Несколько минут спустя мы приземляемся живыми и невредимыми, но, прибыв во Фраскати, попадаем в полнейший хаос. Дом, где располагался штаб генерала Штудента, оказался нетронутым, но от нашего остались одни развалины. Когда мы хотим туда проникнуть, один офицер предупреждает нас, что сквозь дом пролетели две бомбы замедленного действия, ушли в глинобитный пол погребов и могут взорваться в любой момент. Однако, в спальне остались важные бумаги, как раз с результатами наших расследований. И мы взбираемся по обломкам, перешагиваем через балюстраду нашей лоджии и, несмотря на беспорядок, царящий в комнате, обнаруживаем наши досье. Несколько мгновений спустя мы уже на улице.
Жертвы среди гражданского населения, должно быть, были очень велики. Однако почти все немецкие службы избежали разрушения. Военные уже восстанавливают телефонные линии, которые, надо сказать, сильно повреждены. Я же должен срочно отправиться в Рим на встречу с несколькими итальянскими офицерами, которые, по моим сведениям, намереваются освободить дуче. Естественно, я хочу знать их планы, чтобы мы не помешали друг другу.

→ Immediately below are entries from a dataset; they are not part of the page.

Lemma activation_time_ge D c u : 2 <= c ->
  2 + (c - 2) * (D + 1) <= activation_time D c u.
Proof.
rewrite /activation_time; case: ifP => [|_ _]; first lia.
by move: ((c - 2) * (D + 1)) => q; lia.
Qed.

Lemma lt_activation_horizon m1 m2 jbar c t : 2 <= m1 -> jbar <= c ->
  6 * t <= 6 + 3 * m1 * m2 * (jbar - 2) ->
  t < 2 + (c - 2) * (m2 * (m1 - 1) + 1).
Proof.
move=> m1_ge2 jbar_le t_le; set D := m2 * (m1 - 1).
have m1m2_le : m1 * m2 <= 2 * D.
  by rewrite mulnC /D mulnCA leq_mul2l; apply/orP; right; lia.
have := leq_mul m1m2_le (leqnn (jbar - 2)).
have := leq_mul (leqnn (D + 1)) (leq_sub2r 2 jbar_le).
by rewrite -!mulnA in t_le *; nia.
Qed.

End Combinatorics.

Lemma unpairK p r (i : 'I_p) (j : 'I_r) : unpair (mxvec_index i j) = (i, j).
Proof. by rewrite /unpair /mxvec_index cast_ordK enum_rankK. Qed.

Lemma mxvec_index_eq p r (i i' : 'I_p) (j j' : 'I_r) :
  (mxvec_index i j == mxvec_index i' j') = (i == i') && (j == j').
Proof.
apply/eqP/andP => [eq_ij|[/eqP-> /eqP->]//].
by have := congr1 (@unpair p r) eq_ij; rewrite !unpairK => -[-> ->].
Qed.

Section Objective.
Variable R : realType.

Lemma coord_add_delta n (w : 'cV[R]_n) (c0 : 'I_n) (r : R) j :
  Defs.coord (w + r *: delta_mx c0 0) j =
  Defs.coord w j + (if j.-1 == c0 then r else 0).
Proof.
rewrite /Defs.coord; case: (ltnP j.-1 n) => jn.
  rewrite !insubT /= !mxE eqxx andbT.
  have -> : (Ordinal jn == c0) = (j.-1 == c0) by [].
  by case: (_ == _); rewrite ?mulr1 ?mulr0.
rewrite !insubF ?ltnNge ?jn //= add0r; case: eqP => // e.
by move: jn; rewrite e leqNgt ltn_ord.
Qed.

Lemma coordZ n (w : 'cV[R]_n) (a : R) j :
  Defs.coord (a *: w) j = a * Defs.coord w j.
Proof.
by rewrite /Defs.coord; case: insubP => [k _ _|] /=; rewrite ?mxE ?mulr0.
Qed.

Lemma coord_succ n (w : 'cV[R]_n) (c0 : 'I_n) :
  Defs.coord w c0.+1 = w c0 0.
Proof.
rewrite /Defs.coord; case: insubP => [k _ kv|] /=.
  by congr (w _ 0); apply: val_inj.
by rewrite ltn_ord.
Qed.

Lemma Psi0 : Psi (0 : R) = 0.
Proof. by rewrite /Psi lexx. Qed.

Lemma Psi_ge0 (u : R) : 0 <= Psi u.
Proof.
rewrite /Psi; case: ifP => // _.
by rewrite subr_ge0 expR_le1 oppr_le0 sqr_ge0.
Qed.

Lemma Psi_le_sqr (u : R) : Psi u <= u ^+ 2.
Proof.
rewrite /Psi; case: ifP => _; first exact: sqr_ge0.
by have := expR_ge1Dx (- u ^+ 2); lra.
Qed.

Lemma norm_Phi_le (v : R) : `|Phi v| <= 4 * pi.
Proof.
rewrite /Phi; have := atan_ltpi2 v; have := atan_gtNpi2 v; have := pi_gt0 R.
by move=> *; rewrite ger0_norm; lra.
Qed.
Lemma lift_max_neq (a : 'I_n) : (lift ord_max a == ord_max) = false.
Proof. by rewrite eq_sym (negbTE (neq_lift _ _)). Qed.

Lemma connect_append_dummy_max b : connect G' ord_max b = (b == ord_max).
Proof.
apply/idP/eqP => [|->]; last exact: connect0.
by case/connectP => [[|c p]] /=; [move=> _ -> | rewrite append_dummy_max].
Qed.

Lemma connect_append_dummy_lift a b :
  connect G' (lift ord_max a) (lift ord_max b) = connect G a b.
Proof.
apply/connectP/connectP => -[p]; elim: p a => [|c p IHp] a /=.
- by move=> _ /lift_inj ->; exists [::].
- case/andP; case: (unliftP ord_max c) => [c'|] -> Gac.
    move=> /IHp pth /pth[q Gq ->]; exists (c' :: q) => //=.
    by rewrite -(append_dummy_lift a c') Gac.
  case: p {IHp} => [|d p] /=; last by rewrite append_dummy_max.
  by move=> _ /eqP; rewrite lift_max_neq.
- by move=> _ ->; exists [::].
- case/andP => Gac /IHp pth /pth[q Gq ->].
  by exists (lift ord_max c :: q); rewrite //= append_dummy_lift Gac.
Qed.

Lemma mem_lift_set (C : {set 'I_n}) a :
  (lift ord_max a \in lift ord_max @: C) = (a \in C).
Proof. exact/mem_imset/lift_inj. Qed.

Lemma max_notin_lift_set (C : {set 'I_n}) : (ord_max \in lift ord_max @: C) = false.
Proof. by apply/imsetP => -[x _ /eqP]; rewrite eq_sym lift_max_neq. Qed.

Lemma is_scc_append_dummy_lift (C : {set 'I_n}) :
  is_scc G' (lift ord_max @: C) = is_scc G C.
Proof.
rewrite /is_scc imset_eq0; congr (_ && (_ && _)).
- apply/forall_inP/forall_inP => [H x xC | H _ /imsetP[x xC ->]].
    apply/forall_inP => y yC; rewrite -connect_append_dummy_lift.
    by move/forall_inP: (H _ (imset_f _ xC)); apply; apply: imset_f.
  apply/forall_inP => _ /imsetP[y yC ->]; rewrite connect_append_dummy_lift.
  by move/forall_inP: (H x xC); apply.
- apply/forall_inP/forall_inP => [H x xC | H _ /imsetP[x xC ->]].
    apply/forallP => y; move/forallP: (H _ (imset_f _ xC)) => /(_ (lift ord_max y)).
    by rewrite !connect_append_dummy_lift mem_lift_set.
  apply/forallP => y'; case: (unliftP ord_max y') => [y|] ->.
    by rewrite !connect_append_dummy_lift mem_lift_set; move/forallP: (H x xC).
  by rewrite connect_append_dummy_max lift_max_neq andbF.
Qed.

Lemma is_leaf_scc_append_dummy_lift (C : {set 'I_n}) :
  is_leaf_scc G' (lift ord_max @: C) = is_leaf_scc G C && (v \notin C).
Proof.
rewrite /is_leaf_scc is_scc_append_dummy_lift (card_imset _ (@lift_inj _ _)).
case: (is_scc G C) (1 < #|C|) => [] [] //=.
apply/forall_inP/andP => [H | [/forall_inP H vC] _ /imsetP[x xC ->]].
  split.
    apply/forall_inP => x xC; apply/forallP => y.
    move/forallP: (H _ (imset_f _ xC)) => /(_ (lift ord_max y)).
    by rewrite append_dummy_lift mem_lift_set.
  apply/negP => vC; move/forallP: (H _ (imset_f _ vC)) => /(_ ord_max).
  by rewrite append_dummy_lift_max eqxx max_notin_lift_set.
apply/forallP => y'; case: (unliftP ord_max y') => [y|] ->.
  by rewrite append_dummy_lift mem_lift_set; move/forallP: (H x xC).
rewrite append_dummy_lift_max max_notin_lift_set; apply/implyP => /eqP xv.
by rewrite -xv xC in vC.
Qed.
Theorem floor_moment_reciprocity :
  12 * h * floor_moment h k + 12 * k * floor_moment k h
  = 6 * h * (h - 1) * k * (k - 1) - 3 * h * (h - 1) * (k - 1) + (k * k - 1) * (h - 1) * (2 * h - 1).
Proof.
  set (n := Z.to_nat (h - 1)).
  assert (Hn : Z.of_nat n = h - 1) by lia.
  set (Q := sumZ (fun j => (j + 1) * (j + 1)) n).
  set (P := sumZ (fun j => j + 1) n).
  assert (HQ : 6 * Q = (h - 1) * h * (2 * h - 1)).
  { pose proof (sumZ_sq (S n)) as Hsq. rewrite sumZ_shift in Hsq. lia. }
  assert (HP : 2 * P = h * (h - 1)).
  { pose proof (sumZ_id (S n)) as Hid. rewrite sumZ_shift in Hid. lia. }
  assert (Hrho2 : sumZ (fun j => rho j * rho j) n = Q) by exact (sumZ_rho (fun x => x * x)).
  assert (Hrho1 : sumZ (fun j => rho j) n = P) by exact (sumZ_rho (fun x => x)).
  assert (Hsq : h * h * sumZ (fun j => q j * q j) n
    = k * k * Q - 2 * k * sumZ (fun j => (j + 1) * rho j) n + sumZ (fun j => rho j * rho j) n).
  { unfold Q. rewrite <- !sumZ_mul_l, <- sumZ_sub, <- sumZ_add. apply sumZ_ext. intros j _.
    rewrite rho_spec. ring. }
  assert (Hmixed : sumZ (fun j => (j + 1) * rho j) n = k * Q - h * floor_moment k h).
  { rewrite floor_moment_quot. fold n. unfold Q.
    rewrite <- !sumZ_mul_l, <- sumZ_sub. apply sumZ_ext. intros j _.
    rewrite rho_spec. ring. }
  assert (Hlin : h * sumZ (fun j => q j) n = k * P - sumZ (fun j => rho j) n).
  { unfold P. rewrite <- !sumZ_mul_l, <- sumZ_sub. apply sumZ_ext. intros j _.
    rewrite rho_spec. ring. }
  assert (Hswap : 2 * floor_moment h k
                = (h - 1) * k * (k - 1) - sumZ (fun j => q j * q j) n - sumZ (fun j => q j) n).
  { rewrite floor_moment_swap. fold n.
    replace ((h - 1) * k * (k - 1)) with (k * (k - 1) * Z.of_nat n) by (rewrite Hn; ring).
    rewrite <- sumZ_const, <- !sumZ_sub. apply sumZ_ext. intros j _. ring. }
  apply (Z.mul_cancel_l _ _ h); [lia|].
  rewrite Hmixed, Hrho2 in Hsq. rewrite Hrho1 in Hlin. nia.
Qed.

End Reciprocity.

(** * A parity law for floor moments *)

Section Parity.

Variables N y : Z.
Hypotheses (HN : 0 <= N) (HKy : Z.gcd (2 * N + 1) y = 1).

Let K := 2 * N + 1.
Let F t := y * t / K.
Let n := Z.to_nat N.

Lemma floor_reflect t : 1 <= t <= K - 1 -> F (K - t) = y - 1 - F t.
Proof.
  intros Ht. unfold F. symmetry. apply (Z.div_unique_pos _ _ _ (K - (y * t) mod K)).
  - assert ((y * t) mod K <> 0).
    { intros H0. apply (coprime_not_divide_mul K y t HKy); [lia|].
      rewrite Z.mul_comm. apply Z.mod_divide; [lia|assumption]. }
    pose proof (Z.mod_pos_bound (y * t) K). lia.
  - pose proof (Z.div_mod (y * t) K). lia.
Qed.

Lemma floor_moment_pairs : floor_moment y K
  = sumZ (fun r => (K - (2 * r + 2)) * F (K - (2 * r + 2)) + (2 * r + 2) * F (2 * r + 2)) n.
Proof.
  unfold floor_moment. replace (Z.to_nat K) with (S (2 * n)) by lia.
  rewrite sumZ_shift, sumZ_even_odd, sumZ_rev, <- sumZ_add. cbv beta.
  rewrite Z.mul_0_l, Z.add_0_l. apply sumZ_ext. intros r Hr.
  replace (2 * (Z.of_nat n - 1 - r) + 1) with (K - (2 * r + 2)) by lia.
  replace (2 * r + 1 + 1) with (2 * r + 2) by lia. reflexivity.
Qed.

Lemma floor_moment_parity :
  (2 | floor_moment y K - ((y - 1) * N + sumZ (fun r => F (2 * r + 2)) n)).
Proof.
  rewrite floor_moment_pairs.
  replace ((y - 1) * N + _) with (sumZ (fun r => (y - 1) + F (2 * r + 2)) n)
    by (unfold n; rewrite sumZ_add, sumZ_const, Z2Nat.id by lia; ring).
  apply sumZ_congr. intros r Hr. rewrite floor_reflect by (unfold n in Hr; lia).
  exists ((N - r - 1) * (y - 1 - F (2 * r + 2)) + r * F (2 * r + 2)).
  unfold K. ring.
Qed.

Lemma sumZ_floor_evens_parity :
  (2 | sumZ (fun r => F (2 * r + 2)) n
       - (sumZ (fun i => F (i + 1)) n
          + (y - 1) * sumZ (fun i => if Z.odd (i + 1) then 1 else 0) n)).
Proof.
  assert (Hevens : sumZ (fun r => F (2 * r + 2)) n
    = sumZ (fun i => if Z.odd (i + 1) then F (K - (i + 1)) else F (i + 1)) n).
  { transitivity (sumZ (fun i => if Z.odd (i + 1) then 0 else F (i + 1)) (n + n)).
    - replace (n + n)%nat with (2 * n)%nat by lia.
      rewrite sumZ_even_odd.
      rewrite (sumZ_ext (fun r => if Z.odd (2 * r + 1) then 0 else F (2 * r + 1)) (fun _ => 0)).
      + rewrite sumZ_const, Z.mul_0_l, Z.add_0_l. apply sumZ_ext. intros r _.
        replace (2 * r + 1 + 1) with (2 * (r + 1)) by ring.
        rewrite Z.odd_even. f_equal. ring.
      + intros r _. rewrite Z.odd_odd. reflexivity.
    - rewrite sumZ_split.
      rewrite (sumZ_rev
        (fun i => if Z.odd (Z.of_nat n + i + 1) then 0 else F (Z.of_nat n + i + 1))).
      rewrite <- sumZ_add. apply sumZ_ext. intros i Hi.
      replace (Z.of_nat n + (Z.of_nat n - 1 - i) + 1) with (K - (i + 1)) by (unfold n in *; lia).
      unfold K at 1. rewrite Z.odd_sub, Z.odd_odd.
      destruct (Z.odd (i + 1)); cbn; ring. }
  rewrite Hevens, <- sumZ_mul_l, <- !sumZ_add. apply sumZ_congr. intros i Hi.
  destruct (Z.odd (i + 1)).
  - rewrite floor_reflect by (unfold n in Hi; lia). exists (- F (i + 1)). ring.
  - exists 0. ring.
Qed.

End Parity.

Lemma sumZ_odd_count n :
  (4 | 2 * sumZ (fun i => if Z.odd (i + 1) then 1 else 0) n - Z.of_nat n * (Z.of_nat n + 1)).
Proof.
  induction n as [|n [w Hw]]; [exists 0; reflexivity|].
  rewrite sumZ_S, Nat2Z.inj_succ.
  destruct (Z.Even_or_Odd (Z.of_nat n)) as [[c Hc]|[c Hc]]; rewrite Hc in *.
  - rewrite Z.odd_odd. exists (w - c). lia.
  - replace (2 * c + 1 + 1) with (2 * (c + 1)) by ring. rewrite Z.odd_even.
    exists (w - c - 1). lia.
Qed.
(* Let $F$ be a $4$-regular graph, let $D$ be a directed version of $F$, let $B$ be a strictly fundamental cycle basis of $F$, and let $\mathbf o$ be a transitional orientation of $F$. Then $\mathrm{CM}(F,B,D)\cdot\Delta_{D,\mathbf o}$ is totally transversally unimodular.
   Context: Graphs: $G=(V,H,E,\epsilon)$ with finite sets of vertices $V$ and half-edges $H$, a partition $E$ of $H$ into unordered pairs (edges), and $\epsilon:H\to V$; loops and multiple edges allowed. A directed version orders each edge as (tail, head). A single transition is an unordered pair of distinct half-edges incident with a common vertex; a directed single transition is such an ordered pair. A closed walk is a sequence $((h_1,h_2),\dots,(h_{n-1},h_n))$ of directed single transitions with $\{h_2,h_3\},\{h_4,h_5\},\dots,\{h_n,h_1\}$ edges, up to cyclic shift. $\sigma(D,W)\in\mathbb Z^{E}$ counts, at each edge, traversals by $W$ along its direction in $D$ minus traversals against it. An oriented circuit is a nonempty closed walk in which each half-edge occurs at most once; a circuit is one with orientation forgotten. For a maximal forest $T$ of $G$ and $e\notin T$, the fundamental circuit of $e$ is the unique circuit whose only edge outside $T$ is $e$; a strictly fundamental cycle basis w.r.t. $T$ is the set of these fundamental circuits, each with an arbitrary orientation. $\mathrm{CM}(G,\Gamma,D)$ is the $\Gamma\times E(G)$ matrix whose row indexed by $W\in\Gamma$ is $\sigma(D,W)$. $F$ is $4$-regular if every vertex is incident with exactly $4$ half-edges. A transition at $v$ is a partition of the four half-edges at $v$ into two single transitions; $\mathfrak T(F)$ is the set of all transitions, and a transversal of $\mathfrak T(F)$ is a set containing exactly one transition at each vertex. A transitional orientation $\mathbf o$ assigns to each transition $t$ one of its two single transitions $\mathbf o(t)$. $\Delta_{D,\mathbf o}$ is the $E(F)\times\mathfrak T(F)$ matrix over $\mathbb Q$ whose $(e,t)$ entry is $1$ if $e\cap\mathbf o(t)=\{h\}$ with $h$ the tail of $e$ in $D$, $-1$ if $e\cap\mathbf o(t)=\{h\}$ with $h$ the head, and $0$ otherwise. An $X\times\mathfrak T(F)$ matrix is totally transversally unimodular if for every transversal $T$ of $\mathfrak T(F)$, its submatrix of columns in $T$ is totally unimodular (every square submatrix has determinant in $\{-1,0,1\}$). *)

From mathcomp Require Import all_boot all_order all_algebra.
Set Implicit Arguments. Unset Strict Implicit. Unset Printing Implicit Defensive.
Import GRing.Theory Num.Theory.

Через несколько минут разговора я убеждаюсь, что, хотя молодые люди и выказывают похвальный энтузиазм вместе с очень серьезной решимостью, их приготовления продвинулись не так далеко, как наши. Когда я прощался с этими «заговорщиками», уже почти наступила ночь, а я еще должен пересечь весь Рим, чтобы встретиться с Радлем, ждущим меня в конторе одной немецкой службы. Веду машину медленно, поскольку на улицах непривычное оживление. Люди толпятся вокруг уличных громкоговорителей, а, выехав на Виа Венето, я вынужден двигаться со скоростью пешехода. Одно сообщение из громкоговорителей приветствуют шумными возгласами, я слышу крики: «Да здравствует король!»; целуются женщины; собравшиеся в кучки люди что-то страстно обсуждают. Это все более интригует, и, остановившись, я задаю вопрос прохожему, который и сообщает мне катастрофическую новость: Италия сложила оружие.
Конечно, положение наших войск на полуострове критическое. По правде говоря, мы ожидали этой капитуляции, но никто не думал, что она придет так скоро. Во всяком случае, это событие задержит выполнение моей миссии — или даже сделает ее невыполнимой.
Несколько дней спустя я узнаю, что генерал Эйзенхауэр предвосхитил события, объявив итальянскую капитуляцию в тот же самый день, но еще в 18 часов 30 минут, по радио Алжира. Тем самым он поставил правительство Бадольо перед свершившимся фактом, по крайней мере, что касалось точного часа прекращения боевых действий. С другой стороны, союзники назначили высадку в Салерне на ночь с 8 на 9 сентября, и уже не могли изменить эту дату. Эта операция должна была облегчить задачу нового «союзника», удерживая основную часть немецких войск вокруг Салерно. Согласно донесениям разведывательных служб, мы даже полагали, что союзнический штаб предполагал высадку авиационного десанта в Риме, что поставило бы наши слабые силы в, по меньшей мере, неприятное положение. Стало быть, о массированной бомбардировке Фраскати было условлено во время переговоров между представителями Бадольо и союзнического Главного командования с целью дезорганизовать Генеральный штаб немецких войск в Италии. Эта часть плана не достигла цели. Мы сохраняли связь со всеми нашими войсками, разумеется, приведенными в состояние боевой готовности.
Ночь с 8 на 9 сентября прошла спокойно, за исключением нескольких стычек между итальянскими и немецкими войсками к югу от Рима. В течение дня 9 сентября, однако, имели место серьезные столкновения в окрестностях Фраскати, где сосредоточены немецкие службы. Тем не менее, к вечеру нам удается прочно удерживать всю зону Сабинских гор. Немецкие части понемногу приближаются к Риму, занятому и окруженному несколькими итальянскими дивизиями.
Между тем, признавая необходимость отложить на несколько дней попытку освободить дуче, я по-прежнему ищу подтверждений его присутствия в отеле на Гран-Сассо. Первые указания на это мне были даны, пусть и невольно, двумя итальянцами, но мне бы хотелось получить еще какое-нибудь подтверждение, и, если возможно, то от немца. Нечего и думать, чтобы послать своего человека, прямо в этот отель, связанный с внешним миром одной лишь канатной дорогой. Я ломал голову, ища подход, выглядевший бы достаточно невинным, и накануне итальянской капитуляции наконец-то нашел человека, который требовался. В Риме у меня был знакомый военный врач немец, очень честолюбивый парень, давно уже мечтавший о какой-нибудь славной награде. Я решил использовать его стремление к почестям и вечером 7 сентября объяснил ему, как он может снискать благоволение начальства.